There are two subtypes of BDD: Muscle Dysmorphia and BDD by Proxy. Both of these subtypes appear to respond to the same basic treatment strategies as BDD (cognitive behavior therapy or CBT and medications). However, the CBT therapist in particular needs to adjust the treatment so that it has the right focus. Please see below for some of the differences between BDD and BDD subtypes.
Dr. Roberto Olivardia discusses Muscle Dysmorphia (MD), its symptoms, misconceptions, and treatment techniques. Dr. Olivardia also discusses the themes of MD such as low self esteem and trauma.
Muscle Dysmorphia (MD)
Muscle dysmorphia, or MD, is a subtype of body dysmorphic disorder (BDD). MD is associated with a number of thoughts and beliefs about one’s self and others, including:
- Beliefs that one’s body is not sufficiently muscular and large enough
- Over-valuing appearance
- Intrusive negative thoughts about one’s body that leads to distractibility and difficulty focusing attention
- Belief that others negatively evaluate their appearance
There are also a number of behavioral signs of muscle dysmorphia, including:
- Excessively working out/lifting weights (often many hours a day)
- Repeatedly counting calories
- Avoiding eating out at restaurants due to perceived lack of control over food content
- Balancing carbohydrates, fats, proteins, and vitamins to achieve a “perfect” formula
- Eating multiple meals throughout the day at rigidly adhered to schedules
- Excessively checking mirrors, or other reflective surfaces
- Avoidance of mirrors, or other reflective surfaces
- Avoidance of social situations where bodies may be on display (e.g., the beach, or pool)

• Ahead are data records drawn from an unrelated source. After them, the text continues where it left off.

(* Triangle-replaced graph T(H): the vertices of the triangle T(v) are the
   darts (v,u) with u adjacent to v; (v,u) ~ (v,u') for u <> u' (triangle
   edges), and (v,u) ~ (u,v) (the edge added for the edge uv of H). *)
Definition tri_vert (V : finType) (e : rel V) := {x : V * V | e x.1 x.2}.

Definition tri_rel (V : finType) (e : rel V) : rel (tri_vert e) :=
  fun x y =>
    let a := (val x).1 in let b := (val x).2 in
    let c := (val y).1 in let d := (val y).2 in
    ((a == c) && (b != d)) || ((a == d) && (b == c)).
Arguments tri_rel {V} e.

Definition conv_step (T : finType) (r : rel T) (S : {set T}) : {set T} :=
  S :|: [set v | 2 <= #|[set u in S | r v u]|].

Definition conversion_set (T : finType) (r : rel T) (S0 : {set T}) : Prop :=
  exists t : nat, iter t (conv_step r) S0 = [set: T].

Lemma c2_exists (T : finType) (r : rel T) :
  exists k, `[< exists S : {set T}, #|S| = k /\ conversion_set r S >].
Proof.
exists #|[set: T]|; apply/asboolP; exists [set: T]; split => //; by exists 0.
Qed.

Definition c2 (T : finType) (r : rel T) : nat := ex_minn (c2_exists r).

Definition edge_set (T : finType) (r : rel T) : {set {set T}} :=
  [set E : {set T} | [exists x, exists y, (E == [set x; y]) && r x y]].

Definition is_bridge (T : finType) (r : rel T) (E : {set T}) : bool :=
  [exists x, exists y, [&& E == [set x; y], r x y &
     ~~ connect (fun a b => r a b && ([set a; b] != E)) x y]].

Definition num_bridges (T : finType) (r : rel T) : nat :=
  #|[set E in edge_set r | is_bridge r E]|.

Definition proper_edge_colouring (T : finType) (r : rel T) (k : nat)
    (c : {set T} -> 'I_k) : Prop :=
  forall E F, E \in edge_set r -> F \in edge_set r -> E != F ->
    E :&: F != set0 -> c E != c F.

Lemma chi'_exists (T : finType) (r : rel T) :
  exists k, `[< exists c : {set T} -> 'I_k, proper_edge_colouring r c >].
Proof.
exists #|{set T}|; apply/asboolP; exists (@enum_rank _).
move=> E F _ _ nEF _; apply: contra nEF => /eqP h.
by apply/eqP; apply: enum_rank_inj.
Qed.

- Camouflaging one’s bodies by wearing multiple layers of clothing to appear “larger”
- Use of anabolic steroids or other appearance and performance enhancing drugs
Sometimes also referred to as “bigorexia” or “reverse anorexia,” MD may have some overlap with eating disorders but is not an eating disorder exactly. While individuals with MD often follow very precise, time-consuming, and painstakingly picky diets, their eating habits are driven by a concern with improving the mass and leanness of their muscles, as opposed to issues relating to their weight or body fat percentage as seen in individuals with eating disorders. Also, not all individuals with MD have disordered eating.
How muscle dysmorphia is different healthy bodybuilding or fitness:
- Inaccurate body image and perception
- Self-esteem is almost entirely rested on muscle build, while other factors (intelligence, sense of humor, relationships, etc.) are discounted
- Use of dangerous substances, such as anabolic steroids, that are clearly contraindicated for a healthy lifestyle
People with MD will often deny there is a problem and refuse to consider mental health treatment. For those who do consider psychological treatment, it is important that individuals with MD work with therapist who specializes in BDD, OCD, or body image disorders. For more about MD and treatment please read this “Expert Opinion” article.
Body Dysmorphic Disorder by Proxy
Body dysmorphic disorder by proxy (BDDBP) is a variation of BDD in which an individual is overly concerned with perceived imperfections with another person’s appearance.
- This preoccupation causes “clinically” significant distress and often interferes with day-to-day functioning.
- Most people with BDDBP spend more than an hour per day thinking about the perceived defect(s) of their person of concern (POC) and many spent several (e.g., 3-8) hours per day preoccupied by negative beliefs about the POC’s appearance.
- The primary POC is most often a significant other (e.g., spouse/partner), but may be a parent, child, sibling, or stranger.
- The POC may also shift over time (e.g. from one significant other to the next in a new relationship, or from a child to a parent).
- Preoccupation can be focused on any body area, but most often involves skin and hair.
- Most people with BDDBP perform repetitive behaviors (compulsions) to reduce their anxiety (or guilt about their preoccupation) or they will try to improve the POC’s appearance. These include attempts to check, improve, or hide the perceived defect, such as comparing the POC’s appearance to the appearance of others and providing reassurance to the POC about his/her appearance.
- Avoidance is common, especially of social situations or situations that might expose the POC’s flaw.
- People with BDDBP often believe that other people take special notice of the POC because of the defect they perceive. For example, they may think others stare at the POC or laugh about the POC’s appearance.
- Individuals with BDDBP often feel guilt or shame about their preoccupation with the POC’s appearance, and worry that their concerns will hurt the POC and/or damage the relationship.